Saved data entries:
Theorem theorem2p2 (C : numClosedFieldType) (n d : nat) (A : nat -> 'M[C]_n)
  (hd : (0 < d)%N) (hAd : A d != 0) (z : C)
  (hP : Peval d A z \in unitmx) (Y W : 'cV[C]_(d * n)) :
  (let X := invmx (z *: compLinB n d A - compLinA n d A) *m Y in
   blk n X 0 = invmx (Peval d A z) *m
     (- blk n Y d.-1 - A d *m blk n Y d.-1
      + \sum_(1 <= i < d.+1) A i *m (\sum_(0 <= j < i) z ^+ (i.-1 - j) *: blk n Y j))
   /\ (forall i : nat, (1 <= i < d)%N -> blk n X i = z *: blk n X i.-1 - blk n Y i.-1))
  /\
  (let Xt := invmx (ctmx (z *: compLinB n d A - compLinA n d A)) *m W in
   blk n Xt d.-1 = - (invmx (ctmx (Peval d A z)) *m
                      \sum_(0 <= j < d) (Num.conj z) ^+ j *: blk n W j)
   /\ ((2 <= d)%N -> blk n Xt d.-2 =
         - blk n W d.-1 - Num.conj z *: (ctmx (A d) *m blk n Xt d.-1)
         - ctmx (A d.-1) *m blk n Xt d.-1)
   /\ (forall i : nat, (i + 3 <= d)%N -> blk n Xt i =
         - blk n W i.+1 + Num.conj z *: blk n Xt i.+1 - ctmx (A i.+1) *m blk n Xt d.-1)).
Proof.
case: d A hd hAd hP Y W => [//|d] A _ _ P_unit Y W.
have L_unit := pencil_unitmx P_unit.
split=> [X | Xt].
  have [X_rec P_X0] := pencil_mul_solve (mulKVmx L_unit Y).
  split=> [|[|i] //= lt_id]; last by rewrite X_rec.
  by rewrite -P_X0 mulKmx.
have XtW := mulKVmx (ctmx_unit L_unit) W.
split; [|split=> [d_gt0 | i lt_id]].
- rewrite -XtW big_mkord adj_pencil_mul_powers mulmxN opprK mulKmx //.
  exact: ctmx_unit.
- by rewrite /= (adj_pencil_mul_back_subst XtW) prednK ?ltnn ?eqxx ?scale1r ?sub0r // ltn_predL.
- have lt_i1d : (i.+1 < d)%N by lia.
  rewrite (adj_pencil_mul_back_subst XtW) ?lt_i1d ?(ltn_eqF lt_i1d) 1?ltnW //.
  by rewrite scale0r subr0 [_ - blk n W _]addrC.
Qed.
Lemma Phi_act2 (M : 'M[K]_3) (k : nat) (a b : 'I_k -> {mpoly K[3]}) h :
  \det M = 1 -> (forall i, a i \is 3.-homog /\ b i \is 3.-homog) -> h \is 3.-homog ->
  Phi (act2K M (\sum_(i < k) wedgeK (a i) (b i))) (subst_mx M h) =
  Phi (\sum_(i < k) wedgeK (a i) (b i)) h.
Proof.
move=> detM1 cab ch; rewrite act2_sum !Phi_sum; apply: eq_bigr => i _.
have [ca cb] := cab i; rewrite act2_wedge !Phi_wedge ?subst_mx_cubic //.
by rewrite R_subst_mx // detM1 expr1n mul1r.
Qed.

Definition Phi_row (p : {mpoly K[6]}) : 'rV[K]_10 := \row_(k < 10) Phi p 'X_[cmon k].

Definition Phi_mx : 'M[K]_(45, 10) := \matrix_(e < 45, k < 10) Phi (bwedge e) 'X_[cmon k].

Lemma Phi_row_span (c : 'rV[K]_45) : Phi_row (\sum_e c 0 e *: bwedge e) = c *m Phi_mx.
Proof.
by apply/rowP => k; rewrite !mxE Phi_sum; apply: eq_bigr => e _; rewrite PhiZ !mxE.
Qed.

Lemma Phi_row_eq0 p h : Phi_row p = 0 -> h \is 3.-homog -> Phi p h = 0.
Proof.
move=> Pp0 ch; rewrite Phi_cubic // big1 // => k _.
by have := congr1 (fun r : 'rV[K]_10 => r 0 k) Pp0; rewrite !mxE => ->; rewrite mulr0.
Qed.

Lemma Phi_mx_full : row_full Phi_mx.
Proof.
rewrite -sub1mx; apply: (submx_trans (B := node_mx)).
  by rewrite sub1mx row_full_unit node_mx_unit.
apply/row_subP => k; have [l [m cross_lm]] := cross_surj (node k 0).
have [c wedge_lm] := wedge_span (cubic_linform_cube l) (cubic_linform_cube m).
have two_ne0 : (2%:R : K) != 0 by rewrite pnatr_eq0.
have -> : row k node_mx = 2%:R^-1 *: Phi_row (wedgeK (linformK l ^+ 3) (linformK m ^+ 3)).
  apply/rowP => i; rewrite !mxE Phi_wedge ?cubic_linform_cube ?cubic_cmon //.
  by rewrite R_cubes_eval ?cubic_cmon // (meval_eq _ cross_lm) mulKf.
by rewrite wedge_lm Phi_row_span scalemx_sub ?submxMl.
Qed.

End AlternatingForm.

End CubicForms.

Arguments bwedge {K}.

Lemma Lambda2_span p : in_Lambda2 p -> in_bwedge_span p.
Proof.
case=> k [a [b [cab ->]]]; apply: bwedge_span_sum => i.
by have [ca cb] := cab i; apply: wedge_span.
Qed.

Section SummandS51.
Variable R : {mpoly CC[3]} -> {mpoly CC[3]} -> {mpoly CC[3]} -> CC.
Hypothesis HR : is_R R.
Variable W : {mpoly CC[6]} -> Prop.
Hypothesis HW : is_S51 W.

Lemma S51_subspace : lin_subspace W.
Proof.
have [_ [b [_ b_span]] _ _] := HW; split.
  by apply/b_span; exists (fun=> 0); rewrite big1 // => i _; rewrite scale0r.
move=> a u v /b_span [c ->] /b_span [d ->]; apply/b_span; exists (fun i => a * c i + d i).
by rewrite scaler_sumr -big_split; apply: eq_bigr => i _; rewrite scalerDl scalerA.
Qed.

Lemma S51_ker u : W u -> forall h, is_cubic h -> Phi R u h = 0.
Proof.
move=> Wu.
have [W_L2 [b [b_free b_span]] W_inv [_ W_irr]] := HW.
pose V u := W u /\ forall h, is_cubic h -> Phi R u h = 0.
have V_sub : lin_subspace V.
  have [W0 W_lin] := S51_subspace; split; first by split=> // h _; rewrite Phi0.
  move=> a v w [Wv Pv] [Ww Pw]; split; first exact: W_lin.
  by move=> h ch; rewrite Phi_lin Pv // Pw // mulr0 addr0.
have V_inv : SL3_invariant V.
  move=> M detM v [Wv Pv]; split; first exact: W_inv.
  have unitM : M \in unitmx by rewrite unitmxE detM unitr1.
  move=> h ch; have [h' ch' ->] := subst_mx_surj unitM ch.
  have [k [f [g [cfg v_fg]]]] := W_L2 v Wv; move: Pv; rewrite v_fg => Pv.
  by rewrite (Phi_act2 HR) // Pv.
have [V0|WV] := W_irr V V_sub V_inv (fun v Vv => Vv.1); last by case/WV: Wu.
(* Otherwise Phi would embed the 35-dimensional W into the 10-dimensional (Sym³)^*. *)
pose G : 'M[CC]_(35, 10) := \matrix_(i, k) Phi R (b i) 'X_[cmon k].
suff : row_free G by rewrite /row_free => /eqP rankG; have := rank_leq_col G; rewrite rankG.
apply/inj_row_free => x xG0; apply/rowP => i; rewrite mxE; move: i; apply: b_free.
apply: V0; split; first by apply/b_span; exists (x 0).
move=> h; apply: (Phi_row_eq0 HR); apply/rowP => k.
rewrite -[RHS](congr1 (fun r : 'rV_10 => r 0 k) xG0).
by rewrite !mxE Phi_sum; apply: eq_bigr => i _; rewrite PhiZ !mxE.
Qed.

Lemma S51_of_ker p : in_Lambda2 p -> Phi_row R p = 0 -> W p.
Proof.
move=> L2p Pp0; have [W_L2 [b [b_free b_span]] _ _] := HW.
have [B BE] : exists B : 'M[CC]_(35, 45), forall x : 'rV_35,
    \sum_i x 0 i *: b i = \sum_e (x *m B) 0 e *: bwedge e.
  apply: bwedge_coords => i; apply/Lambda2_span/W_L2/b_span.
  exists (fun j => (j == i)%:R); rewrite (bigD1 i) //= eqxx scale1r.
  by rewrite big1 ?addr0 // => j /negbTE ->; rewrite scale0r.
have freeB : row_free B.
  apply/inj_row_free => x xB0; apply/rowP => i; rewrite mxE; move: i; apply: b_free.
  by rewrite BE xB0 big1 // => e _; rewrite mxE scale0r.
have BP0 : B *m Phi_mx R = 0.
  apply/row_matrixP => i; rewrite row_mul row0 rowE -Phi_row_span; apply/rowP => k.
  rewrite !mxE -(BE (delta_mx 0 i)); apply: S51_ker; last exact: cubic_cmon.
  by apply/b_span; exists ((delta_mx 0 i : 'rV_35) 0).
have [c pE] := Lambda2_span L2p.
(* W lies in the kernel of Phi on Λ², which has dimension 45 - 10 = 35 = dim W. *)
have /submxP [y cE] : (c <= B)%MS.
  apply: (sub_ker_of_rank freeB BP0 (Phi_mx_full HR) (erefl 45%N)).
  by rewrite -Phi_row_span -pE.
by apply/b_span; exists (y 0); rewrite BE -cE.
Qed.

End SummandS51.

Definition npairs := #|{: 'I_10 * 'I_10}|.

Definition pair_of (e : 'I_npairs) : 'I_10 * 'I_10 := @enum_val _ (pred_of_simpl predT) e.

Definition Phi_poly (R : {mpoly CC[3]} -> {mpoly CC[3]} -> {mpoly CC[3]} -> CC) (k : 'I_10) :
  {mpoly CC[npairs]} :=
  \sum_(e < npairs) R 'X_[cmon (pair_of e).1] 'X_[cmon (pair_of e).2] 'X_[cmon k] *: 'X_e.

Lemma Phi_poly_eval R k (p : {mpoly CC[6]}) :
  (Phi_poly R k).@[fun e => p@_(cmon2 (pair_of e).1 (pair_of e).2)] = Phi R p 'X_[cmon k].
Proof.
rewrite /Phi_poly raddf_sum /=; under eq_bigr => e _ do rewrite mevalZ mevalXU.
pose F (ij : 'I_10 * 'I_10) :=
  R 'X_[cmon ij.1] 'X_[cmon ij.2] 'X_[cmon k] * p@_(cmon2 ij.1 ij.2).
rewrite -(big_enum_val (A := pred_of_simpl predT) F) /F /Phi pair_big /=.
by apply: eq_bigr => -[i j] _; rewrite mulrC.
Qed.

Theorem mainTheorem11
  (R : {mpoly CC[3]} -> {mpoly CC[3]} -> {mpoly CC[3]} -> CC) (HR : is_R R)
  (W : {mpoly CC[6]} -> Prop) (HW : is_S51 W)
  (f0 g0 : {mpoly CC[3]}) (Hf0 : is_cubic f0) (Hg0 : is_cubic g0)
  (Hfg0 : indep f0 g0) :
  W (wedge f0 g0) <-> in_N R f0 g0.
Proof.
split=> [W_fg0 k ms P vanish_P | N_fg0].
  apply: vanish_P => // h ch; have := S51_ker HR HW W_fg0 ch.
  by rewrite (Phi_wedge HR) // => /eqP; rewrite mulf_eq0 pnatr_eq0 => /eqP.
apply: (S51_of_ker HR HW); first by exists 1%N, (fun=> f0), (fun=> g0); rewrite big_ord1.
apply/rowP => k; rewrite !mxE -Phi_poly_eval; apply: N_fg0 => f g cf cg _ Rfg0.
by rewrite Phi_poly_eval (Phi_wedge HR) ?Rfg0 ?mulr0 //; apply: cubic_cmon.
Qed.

...

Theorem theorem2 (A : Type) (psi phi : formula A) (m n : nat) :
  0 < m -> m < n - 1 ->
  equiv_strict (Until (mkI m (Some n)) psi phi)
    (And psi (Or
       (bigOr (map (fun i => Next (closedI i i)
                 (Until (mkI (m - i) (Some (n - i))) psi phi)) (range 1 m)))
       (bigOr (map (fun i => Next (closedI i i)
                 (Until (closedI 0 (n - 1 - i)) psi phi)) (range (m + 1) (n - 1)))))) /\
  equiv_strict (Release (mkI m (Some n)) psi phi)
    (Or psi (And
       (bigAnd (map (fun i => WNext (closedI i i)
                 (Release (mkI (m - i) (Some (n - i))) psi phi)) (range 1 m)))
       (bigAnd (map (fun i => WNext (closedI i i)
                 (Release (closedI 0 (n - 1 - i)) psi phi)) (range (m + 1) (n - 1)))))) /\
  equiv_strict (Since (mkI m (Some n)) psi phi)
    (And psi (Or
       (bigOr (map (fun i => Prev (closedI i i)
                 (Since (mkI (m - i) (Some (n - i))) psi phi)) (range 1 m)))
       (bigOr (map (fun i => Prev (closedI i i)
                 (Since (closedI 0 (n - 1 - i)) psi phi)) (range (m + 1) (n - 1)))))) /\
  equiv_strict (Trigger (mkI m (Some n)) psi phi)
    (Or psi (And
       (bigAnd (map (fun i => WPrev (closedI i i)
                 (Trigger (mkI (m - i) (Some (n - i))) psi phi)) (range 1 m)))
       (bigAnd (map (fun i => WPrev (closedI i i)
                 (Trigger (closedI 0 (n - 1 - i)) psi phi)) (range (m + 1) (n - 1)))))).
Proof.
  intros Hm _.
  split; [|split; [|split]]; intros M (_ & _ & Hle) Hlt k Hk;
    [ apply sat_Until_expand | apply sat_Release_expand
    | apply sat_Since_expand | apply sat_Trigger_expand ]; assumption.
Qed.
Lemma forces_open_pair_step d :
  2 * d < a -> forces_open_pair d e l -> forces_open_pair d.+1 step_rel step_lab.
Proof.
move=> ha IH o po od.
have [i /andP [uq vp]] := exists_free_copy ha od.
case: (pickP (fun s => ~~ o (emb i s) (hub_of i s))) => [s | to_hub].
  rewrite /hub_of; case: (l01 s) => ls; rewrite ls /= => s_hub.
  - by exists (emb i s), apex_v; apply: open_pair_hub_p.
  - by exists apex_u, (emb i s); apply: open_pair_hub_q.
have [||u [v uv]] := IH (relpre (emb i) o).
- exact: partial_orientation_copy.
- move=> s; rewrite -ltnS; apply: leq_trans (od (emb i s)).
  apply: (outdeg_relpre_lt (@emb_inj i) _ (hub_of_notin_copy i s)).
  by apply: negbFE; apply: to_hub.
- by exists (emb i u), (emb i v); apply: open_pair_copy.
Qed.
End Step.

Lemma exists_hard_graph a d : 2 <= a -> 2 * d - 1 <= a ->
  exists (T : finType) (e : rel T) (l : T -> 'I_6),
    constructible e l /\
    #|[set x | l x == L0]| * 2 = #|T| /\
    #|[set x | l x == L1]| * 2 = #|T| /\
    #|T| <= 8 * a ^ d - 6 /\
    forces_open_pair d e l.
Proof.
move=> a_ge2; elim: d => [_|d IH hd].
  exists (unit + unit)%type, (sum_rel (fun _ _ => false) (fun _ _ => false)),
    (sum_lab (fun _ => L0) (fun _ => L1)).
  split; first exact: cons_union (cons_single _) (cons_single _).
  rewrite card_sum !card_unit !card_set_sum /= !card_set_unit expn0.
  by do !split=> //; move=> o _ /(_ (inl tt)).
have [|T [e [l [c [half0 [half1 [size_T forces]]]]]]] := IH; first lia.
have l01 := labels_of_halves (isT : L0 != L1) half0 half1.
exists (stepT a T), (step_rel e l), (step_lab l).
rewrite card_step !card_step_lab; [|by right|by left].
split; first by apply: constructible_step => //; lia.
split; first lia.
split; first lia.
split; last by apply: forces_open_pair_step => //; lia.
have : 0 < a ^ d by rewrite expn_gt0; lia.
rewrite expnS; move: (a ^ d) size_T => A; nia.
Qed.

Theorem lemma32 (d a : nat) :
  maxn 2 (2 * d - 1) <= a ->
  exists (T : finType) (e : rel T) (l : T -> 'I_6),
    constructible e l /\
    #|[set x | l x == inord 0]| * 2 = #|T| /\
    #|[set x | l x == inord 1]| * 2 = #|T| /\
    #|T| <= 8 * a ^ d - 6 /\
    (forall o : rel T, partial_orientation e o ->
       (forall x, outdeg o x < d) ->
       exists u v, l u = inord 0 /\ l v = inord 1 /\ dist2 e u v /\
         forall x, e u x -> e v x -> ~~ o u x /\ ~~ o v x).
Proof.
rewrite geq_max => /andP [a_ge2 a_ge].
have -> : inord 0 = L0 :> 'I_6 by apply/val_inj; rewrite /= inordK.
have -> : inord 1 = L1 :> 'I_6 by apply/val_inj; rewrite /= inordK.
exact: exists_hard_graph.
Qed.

- _WORK TO BE COMPLETED_: Which of the lines above carry the string "Some"? Pick them out and copy them.

- _ANSWER_:
  equiv_strict (Until (mkI m (Some n)) psi phi)
                 (Until (mkI (m - i) (Some (n - i))) psi phi)) (range 1 m)))
  equiv_strict (Release (mkI m (Some n)) psi phi)
                 (Release (mkI (m - i) (Some (n - i))) psi phi)) (range 1 m)))
  equiv_strict (Since (mkI m (Some n)) psi phi)
                 (Since (mkI (m - i) (Some (n - i))) psi phi)) (range 1 m)))
  equiv_strict (Trigger (mkI m (Some n)) psi phi)
                 (Trigger (mkI (m - i) (Some (n - i))) psi phi)) (range 1 m)))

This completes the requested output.